What you are asked to do - Extract the full set of records, then give each one again exactly.

(Collected data entries)
Lemma reweight_certificate :
  certificate D T rho z valM reweight_value reweight_strategy reweight_rank.
Proof.
split.
- exact: reweight_value_ge0.
- by move=> x /T_t[i ->]; apply: phi_t.
- move=> s a sT; rewrite qvalue_reweight // ler_phi.
  exact: (cert_super certN (Some a) (inl_notin_NT s)).
- move=> s sT; rewrite ffunE; case E: (σN (inl s)) => [a|].
    by rewrite qvalue_reweight // -E (cert_harmonic certN (inl_notin_NT s)).
  have val0 : reweight_value s = 0 by rewrite /reweight_value certN_nontarget_none ?phi0.
  have : qM reweight_value s a0 <= reweight_value s.
    by rewrite qvalue_reweight // ler_phi (cert_super certN (Some a0) (inl_notin_NT s)).
  rewrite val0 => le0; apply/eqP; rewrite eq_le le0 sumr_ge0 // => s' _.
  by rewrite mulr_ge0 ?reweight_value_ge0 ?(row_ge0 _ valM_gp _ _ sT).
- exact: reweight_progress.
Qed.

Lemma Rstar_reweight u : is_vertex T u ->
  Rstar D T rho z valM u = phi (Rstar ND NT Nrho fail valN (embed_vertex u)).
Proof.
have [N_state N_pair] := (Rstar_cert_state valN_gp Nrho_ge0 certN,
                          Rstar_cert_pair valN_gp Nrho_ge0 certN).
have [M_state M_pair] := (Rstar_cert_state valM_gp rho_ge0 reweight_certificate,
                          Rstar_cert_pair valM_gp rho_ge0 reweight_certificate).
case: u => [s|[s a]] /= uV; first by rewrite N_state M_state.
by rewrite N_pair ?inl_notin_NT // M_pair // qvalue_reweight.
Qed.

End Reweight.

Variable a0 : A.

Lemma never_worse_of_embed v (W : {set vertex S A}) :
  is_vertex T v -> {subset W <= is_vertex T} ->
  never_worse ND NT Nrho fail (embed_vertex v) (embed_set W) ->
  never_worse D T rho z v W.
Proof.
move=> vV WV nwN val val_gp.
have [h [σ [r cert]]] := certificate_exists z val_gp rho_ge0 a0.
have [_ /imsetP[w wW ->] le_vw] := nwN _ (gadget_val_gp val_gp cert).
exists w => //; rewrite -(ler_pM2l scale_gt0).
by rewrite -(Rstar_lift val_gp cert vV) -(Rstar_lift val_gp cert (WV w wW)).
Qed.

Lemma never_worse_embed v (W : {set vertex S A}) :
  is_vertex T v -> {subset W <= is_vertex T} ->
  never_worse D T rho z v W ->
  never_worse ND NT Nrho fail (embed_vertex v) (embed_set W).
Proof.
move=> vV WV nwM valN valN_gp.
have [hN [σN [rN certN]]] := certificate_exists fail valN_gp Nrho_ge0 None.
have [valM valM_spec] := reweight_exists valN_gp certN.
have [w wW le_vw] := nwM _ (valM_gp valM_spec).
exists (embed_vertex w); first exact: imset_f.
rewrite -(ler_phi valN_gp certN) -(Rstar_reweight valN_gp certN valM_spec a0 vV).
by rewrite -(Rstar_reweight valN_gp certN valM_spec a0 (WV w wW)).
Qed.

End Gadget.

Unset Implicit Arguments.

Theorem theorem2 (S A : finType) (D : S -> A -> S -> bool) (T : {set S})
    (rho : S -> rat) (n : nat) (t : 'I_n.+1 -> S)
    (HA : (0 < #|A|)%N)
    (Habs : targets_absorbing D T)
    (HT : T = [set t i | i : 'I_n.+1])
    (Ht0 : rho (t ord0) = 0)
    (Hmono : forall i j : 'I_n.+1, (i < j)%N -> rho (t i) < rho (t j))
    (v : vertex S A) (W : {set vertex S A}) :
  is_vertex T v ->
  {subset W <= is_vertex T} ->
  (never_worse D T rho (t ord0) v W <->
   never_worse (ND D t) (NT S) (Nrho (S:=S)) (fail S)
     (embed_vertex v) (embed_set W)).
Proof.
move=> vV WV; have [a0 _] := card_gt0P HA.
by split; [apply: never_worse_embed | apply: never_worse_of_embed].
Qed.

Response to the exercise -
Lemma reweight_certificate :
  certificate D T rho z valM reweight_value reweight_strategy reweight_rank.
Proof.
split.
- exact: reweight_value_ge0.
- by move=> x /T_t[i ->]; apply: phi_t.
- move=> s a sT; rewrite qvalue_reweight // ler_phi.
  exact: (cert_super certN (Some a) (inl_notin_NT s)).
- move=> s sT; rewrite ffunE; case E: (σN (inl s)) => [a|].
    by rewrite qvalue_reweight // -E (cert_harmonic certN (inl_notin_NT s)).
  have val0 : reweight_value s = 0 by rewrite /reweight_value certN_nontarget_none ?phi0.
  have : qM reweight_value s a0 <= reweight_value s.
    by rewrite qvalue_reweight // ler_phi (cert_super certN (Some a0) (inl_notin_NT s)).
  rewrite val0 => le0; apply/eqP; rewrite eq_le le0 sumr_ge0 // => s' _.
  by rewrite mulr_ge0 ?reweight_value_ge0 ?(row_ge0 _ valM_gp _ _ sT).
- exact: reweight_progress.
Qed.

Lemma Rstar_reweight u : is_vertex T u ->
  Rstar D T rho z valM u = phi (Rstar ND NT Nrho fail valN (embed_vertex u)).
Proof.
have [N_state N_pair] := (Rstar_cert_state valN_gp Nrho_ge0 certN,
                          Rstar_cert_pair valN_gp Nrho_ge0 certN).
have [M_state M_pair] := (Rstar_cert_state valM_gp rho_ge0 reweight_certificate,
                          Rstar_cert_pair valM_gp rho_ge0 reweight_certificate).
case: u => [s|[s a]] /= uV; first by rewrite N_state M_state.
by rewrite N_pair ?inl_notin_NT // M_pair // qvalue_reweight.
Qed.

End Reweight.

Variable a0 : A.

Lemma never_worse_of_embed v (W : {set vertex S A}) :
  is_vertex T v -> {subset W <= is_vertex T} ->
  never_worse ND NT Nrho fail (embed_vertex v) (embed_set W) ->
  never_worse D T rho z v W.
Proof.
move=> vV WV nwN val val_gp.
have [h [σ [r cert]]] := certificate_exists z val_gp rho_ge0 a0.
have [_ /imsetP[w wW ->] le_vw] := nwN _ (gadget_val_gp val_gp cert).
exists w => //; rewrite -(ler_pM2l scale_gt0).
by rewrite -(Rstar_lift val_gp cert vV) -(Rstar_lift val_gp cert (WV w wW)).
Qed.

Lemma never_worse_embed v (W : {set vertex S A}) :
  is_vertex T v -> {subset W <= is_vertex T} ->
  never_worse D T rho z v W ->
  never_worse ND NT Nrho fail (embed_vertex v) (embed_set W).
Proof.
move=> vV WV nwM valN valN_gp.
have [hN [σN [rN certN]]] := certificate_exists fail valN_gp Nrho_ge0 None.
have [valM valM_spec] := reweight_exists valN_gp certN.
have [w wW le_vw] := nwM _ (valM_gp valM_spec).
exists (embed_vertex w); first exact: imset_f.
rewrite -(ler_phi valN_gp certN) -(Rstar_reweight valN_gp certN valM_spec a0 vV).
by rewrite -(Rstar_reweight valN_gp certN valM_spec a0 (WV w wW)).
Qed.

End Gadget.

Unset Implicit Arguments.

Theorem theorem2 (S A : finType) (D : S -> A -> S -> bool) (T : {set S})
    (rho : S -> rat) (n : nat) (t : 'I_n.+1 -> S)
    (HA : (0 < #|A|)%N)
    (Habs : targets_absorbing D T)
    (HT : T = [set t i | i : 'I_n.+1])
    (Ht0 : rho (t ord0) = 0)
    (Hmono : forall i j : 'I_n.+1, (i < j)%N -> rho (t i) < rho (t j))
    (v : vertex S A) (W : {set vertex S A}) :
  is_vertex T v ->
  {subset W <= is_vertex T} ->
  (never_worse D T rho (t ord0) v W <->
   never_worse (ND D t) (NT S) (Nrho (S:=S)) (fail S)
     (embed_vertex v) (embed_set W)).
Proof.
move=> vV WV; have [a0 _] := card_gt0P HA.
by split; [apply: never_worse_embed | apply: never_worse_of_embed].
Qed.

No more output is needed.